(* Let $\hat\sigma_x,\hat\sigma_y,\hat\sigma_z$ be the Pauli matrices and, for $m\in\{-\tfrac12,\tfrac12\}$, $\alpha\in[0,2\pi]$, $\beta\in[0,\pi]$, let $$\hat U(m,\alpha,\beta)=\tfrac12\hat I-m\cos\alpha\sin\beta\,\hat\sigma_x-m\sin\alpha\sin\beta\,\hat\sigma_y+m\cos\beta\,\hat\sigma_z .$$ For a qubit state (density matrix) $\hat\rho$ on $\mathbb{C}^2$ define its tomogram $w_{\hat\rho}(m,\alpha,\beta)=\mathrm{Tr}\big(\hat\rho\,\hat U(m,\alpha,\beta)\big)$, and let $\mathfrak T(\mathbb{C}^2)$ be the set of all such tomograms. For $a\in\{x,y,z\}$ let $\breve\Sigma_a$ be the map on $\mathfrak T(\mathbb{C}^2)$ defined by $\breve\Sigma_a(w_{\hat\rho})=w_{\hat\sigma_a\hat\rho\hat\sigma_a}$. Write ${\bf x}=(m,\alpha,\beta)$, ${\bf x}'=(m',\alpha',\beta')$ and $$\int g({\bf x}')\,d{\bf x}':=\sum_{m'=\pm1/2}\frac{1}{2\pi}\int_0^{2\pi}\!\!\int_0^{\pi} g(m',\alpha',\beta')\sin\beta'\,d\beta'\,d\alpha'.$$ Then for each $a\in\{x,y,z\}$ and every $w\in\mathfrak T(\mathbb{C}^2)$, $$\breve\Sigma_a(w)({\bf x})=\int K_a({\bf x};{\bf x}')\,w({\bf x}')\,d{\bf x}',$$ where, with $\delta_{mm'}$ the Kronecker delta, $$K_x({\bf x};{\bf x}')=\tfrac12\delta_{mm'}\big(1+3\cos\alpha\sin\beta\cos\alpha'\sin\beta'-3\sin\alpha\sin\beta\sin\alpha'\sin\beta'-3\cos\beta\cos\beta'\big),$$ $$K_y({\bf x};{\bf x}')=\tfrac12\delta_{mm'}\big(1-3\cos\alpha\sin\beta\cos\alpha'\sin\beta'+3\sin\alpha\sin\beta\sin\alpha'\sin\beta'-3\cos\beta\cos\beta'\big),$$ $$K_z({\bf x};{\bf x}')=\tfrac12\delta_{mm'}\big(1-3\cos\alpha\sin\beta\cos\alpha'\sin\beta'-3\sin\alpha\sin\beta\sin\alpha'\sin\beta'+3\cos\beta\cos\beta'\big).$$
   Context: A qubit state is a positive semidefinite $2\times2$ complex matrix of trace one. $\hat I$ denotes the $2\times 2$ identity matrix. *)

From Stdlib Require Import Reals.
From Coquelicot Require Export Coquelicot.
Open Scope R_scope.

Record Mat2 := mkMat2 { e11 : C; e12 : C; e21 : C; e22 : C }.

Definition mmul (A B : Mat2) : Mat2 :=
  mkMat2 (Cplus (Cmult (e11 A) (e11 B)) (Cmult (e12 A) (e21 B)))
         (Cplus (Cmult (e11 A) (e12 B)) (Cmult (e12 A) (e22 B)))
         (Cplus (Cmult (e21 A) (e11 B)) (Cmult (e22 A) (e21 B)))
         (Cplus (Cmult (e21 A) (e12 B)) (Cmult (e22 A) (e22 B))).

Definition madd (A B : Mat2) : Mat2 :=
  mkMat2 (Cplus (e11 A) (e11 B)) (Cplus (e12 A) (e12 B))
         (Cplus (e21 A) (e21 B)) (Cplus (e22 A) (e22 B)).

Definition mscale (c : C) (A : Mat2) : Mat2 :=
  mkMat2 (Cmult c (e11 A)) (Cmult c (e12 A)) (Cmult c (e21 A)) (Cmult c (e22 A)).

Definition mtrace (A : Mat2) : C := Cplus (e11 A) (e22 A).

Definition Id2 : Mat2 := mkMat2 (RtoC 1) (RtoC 0) (RtoC 0) (RtoC 1).
Definition sigma_x : Mat2 := mkMat2 (RtoC 0) (RtoC 1) (RtoC 1) (RtoC 0).
Definition sigma_y : Mat2 := mkMat2 (RtoC 0) (Copp Ci) Ci (RtoC 0).
Definition sigma_z : Mat2 := mkMat2 (RtoC 1) (RtoC 0) (RtoC 0) (RtoC (-1)).

Definition quadform (A : Mat2) (v1 v2 : C) : C :=
  Cplus (Cmult (Cconj v1) (Cplus (Cmult (e11 A) v1) (Cmult (e12 A) v2)))
        (Cmult (Cconj v2) (Cplus (Cmult (e21 A) v1) (Cmult (e22 A) v2))).

Definition psd (A : Mat2) : Prop :=
  forall v1 v2 : C, Im (quadform A v1 v2) = 0 /\ 0 <= Re (quadform A v1 v2).

Definition is_qubit_state (rho : Mat2) : Prop := psd rho /\ mtrace rho = RtoC 1.

Definition Uop (m alpha beta : R) : Mat2 :=
  madd (mscale (RtoC (1/2)) Id2)
  (madd (mscale (RtoC (- m * cos alpha * sin beta)) sigma_x)
  (madd (mscale (RtoC (- m * sin alpha * sin beta)) sigma_y)
        (mscale (RtoC (m * cos beta)) sigma_z))).

Definition tomogram (rho : Mat2) (m alpha beta : R) : C :=
  mtrace (mmul rho (Uop m alpha beta)).

Definition is_tomogram (w : R -> R -> R -> C) : Prop :=
  exists rho, is_qubit_state rho /\ w = tomogram rho.

Inductive axis := ax_x | ax_y | ax_z.

Definition pauli (a : axis) : Mat2 :=
  match a with ax_x => sigma_x | ax_y => sigma_y | ax_z => sigma_z end.

Definition Sigma_breve (a : axis) (w w' : R -> R -> R -> C) : Prop :=
  exists rho, is_qubit_state rho /\ w = tomogram rho /\
              w' = tomogram (mmul (pauli a) (mmul rho (pauli a))).

Definition kron_delta (m m' : R) : R :=
  if Req_EM_T m m' then 1 else 0.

::::

• [WHAT IS EXPECTED]: All of the material, start to finish, should be retyped exactly.

• [ANSWER BOX]:
(* Let $\hat\sigma_x,\hat\sigma_y,\hat\sigma_z$ be the Pauli matrices and, for $m\in\{-\tfrac12,\tfrac12\}$, $\alpha\in[0,2\pi]$, $\beta\in[0,\pi]$, let $$\hat U(m,\alpha,\beta)=\tfrac12\hat I-m\cos\alpha\sin\beta\,\hat\sigma_x-m\sin\alpha\sin\beta\,\hat\sigma_y+m\cos\beta\,\hat\sigma_z .$$ For a qubit state (density matrix) $\hat\rho$ on $\mathbb{C}^2$ define its tomogram $w_{\hat\rho}(m,\alpha,\beta)=\mathrm{Tr}\big(\hat\rho\,\hat U(m,\alpha,\beta)\big)$, and let $\mathfrak T(\mathbb{C}^2)$ be the set of all such tomograms. For $a\in\{x,y,z\}$ let $\breve\Sigma_a$ be the map on $\mathfrak T(\mathbb{C}^2)$ defined by $\breve\Sigma_a(w_{\hat\rho})=w_{\hat\sigma_a\hat\rho\hat\sigma_a}$. Write ${\bf x}=(m,\alpha,\beta)$, ${\bf x}'=(m',\alpha',\beta')$ and $$\int g({\bf x}')\,d{\bf x}':=\sum_{m'=\pm1/2}\frac{1}{2\pi}\int_0^{2\pi}\!\!\int_0^{\pi} g(m',\alpha',\beta')\sin\beta'\,d\beta'\,d\alpha'.$$ Then for each $a\in\{x,y,z\}$ and every $w\in\mathfrak T(\mathbb{C}^2)$, $$\breve\Sigma_a(w)({\bf x})=\int K_a({\bf x};{\bf x}')\,w({\bf x}')\,d{\bf x}',$$ where, with $\delta_{mm'}$ the Kronecker delta, $$K_x({\bf x};{\bf x}')=\tfrac12\delta_{mm'}\big(1+3\cos\alpha\sin\beta\cos\alpha'\sin\beta'-3\sin\alpha\sin\beta\sin\alpha'\sin\beta'-3\cos\beta\cos\beta'\big),$$ $$K_y({\bf x};{\bf x}')=\tfrac12\delta_{mm'}\big(1-3\cos\alpha\sin\beta\cos\alpha'\sin\beta'+3\sin\alpha\sin\beta\sin\alpha'\sin\beta'-3\cos\beta\cos\beta'\big),$$ $$K_z({\bf x};{\bf x}')=\tfrac12\delta_{mm'}\big(1-3\cos\alpha\sin\beta\cos\alpha'\sin\beta'-3\sin\alpha\sin\beta\sin\alpha'\sin\beta'+3\cos\beta\cos\beta'\big).$$
   Context: A qubit state is a positive semidefinite $2\times2$ complex matrix of trace one. $\hat I$ denotes the $2\times 2$ identity matrix. *)

From Stdlib Require Import Reals.
From Coquelicot Require Export Coquelicot.
Open Scope R_scope.

Record Mat2 := mkMat2 { e11 : C; e12 : C; e21 : C; e22 : C }.

Definition mmul (A B : Mat2) : Mat2 :=
  mkMat2 (Cplus (Cmult (e11 A) (e11 B)) (Cmult (e12 A) (e21 B)))
         (Cplus (Cmult (e11 A) (e12 B)) (Cmult (e12 A) (e22 B)))
         (Cplus (Cmult (e21 A) (e11 B)) (Cmult (e22 A) (e21 B)))
         (Cplus (Cmult (e21 A) (e12 B)) (Cmult (e22 A) (e22 B))).

Definition madd (A B : Mat2) : Mat2 :=
  mkMat2 (Cplus (e11 A) (e11 B)) (Cplus (e12 A) (e12 B))
         (Cplus (e21 A) (e21 B)) (Cplus (e22 A) (e22 B)).

Definition mscale (c : C) (A : Mat2) : Mat2 :=
  mkMat2 (Cmult c (e11 A)) (Cmult c (e12 A)) (Cmult c (e21 A)) (Cmult c (e22 A)).

Definition mtrace (A : Mat2) : C := Cplus (e11 A) (e22 A).

Definition Id2 : Mat2 := mkMat2 (RtoC 1) (RtoC 0) (RtoC 0) (RtoC 1).
Definition sigma_x : Mat2 := mkMat2 (RtoC 0) (RtoC 1) (RtoC 1) (RtoC 0).
Definition sigma_y : Mat2 := mkMat2 (RtoC 0) (Copp Ci) Ci (RtoC 0).
Definition sigma_z : Mat2 := mkMat2 (RtoC 1) (RtoC 0) (RtoC 0) (RtoC (-1)).

Definition quadform (A : Mat2) (v1 v2 : C) : C :=
  Cplus (Cmult (Cconj v1) (Cplus (Cmult (e11 A) v1) (Cmult (e12 A) v2)))
        (Cmult (Cconj v2) (Cplus (Cmult (e21 A) v1) (Cmult (e22 A) v2))).

Definition psd (A : Mat2) : Prop :=
  forall v1 v2 : C, Im (quadform A v1 v2) = 0 /\ 0 <= Re (quadform A v1 v2).

Definition is_qubit_state (rho : Mat2) : Prop := psd rho /\ mtrace rho = RtoC 1.

Definition Uop (m alpha beta : R) : Mat2 :=
  madd (mscale (RtoC (1/2)) Id2)
  (madd (mscale (RtoC (- m * cos alpha * sin beta)) sigma_x)
  (madd (mscale (RtoC (- m * sin alpha * sin beta)) sigma_y)
        (mscale (RtoC (m * cos beta)) sigma_z))).

Definition tomogram (rho : Mat2) (m alpha beta : R) : C :=
  mtrace (mmul rho (Uop m alpha beta)).

Definition is_tomogram (w : R -> R -> R -> C) : Prop :=
  exists rho, is_qubit_state rho /\ w = tomogram rho.

Inductive axis := ax_x | ax_y | ax_z.

Definition pauli (a : axis) : Mat2 :=
  match a with ax_x => sigma_x | ax_y => sigma_y | ax_z => sigma_z end.

Definition Sigma_breve (a : axis) (w w' : R -> R -> R -> C) : Prop :=
  exists rho, is_qubit_state rho /\ w = tomogram rho /\
              w' = tomogram (mmul (pauli a) (mmul rho (pauli a))).

Definition kron_delta (m m' : R) : R :=
  if Req_EM_T m m' then 1 else 0.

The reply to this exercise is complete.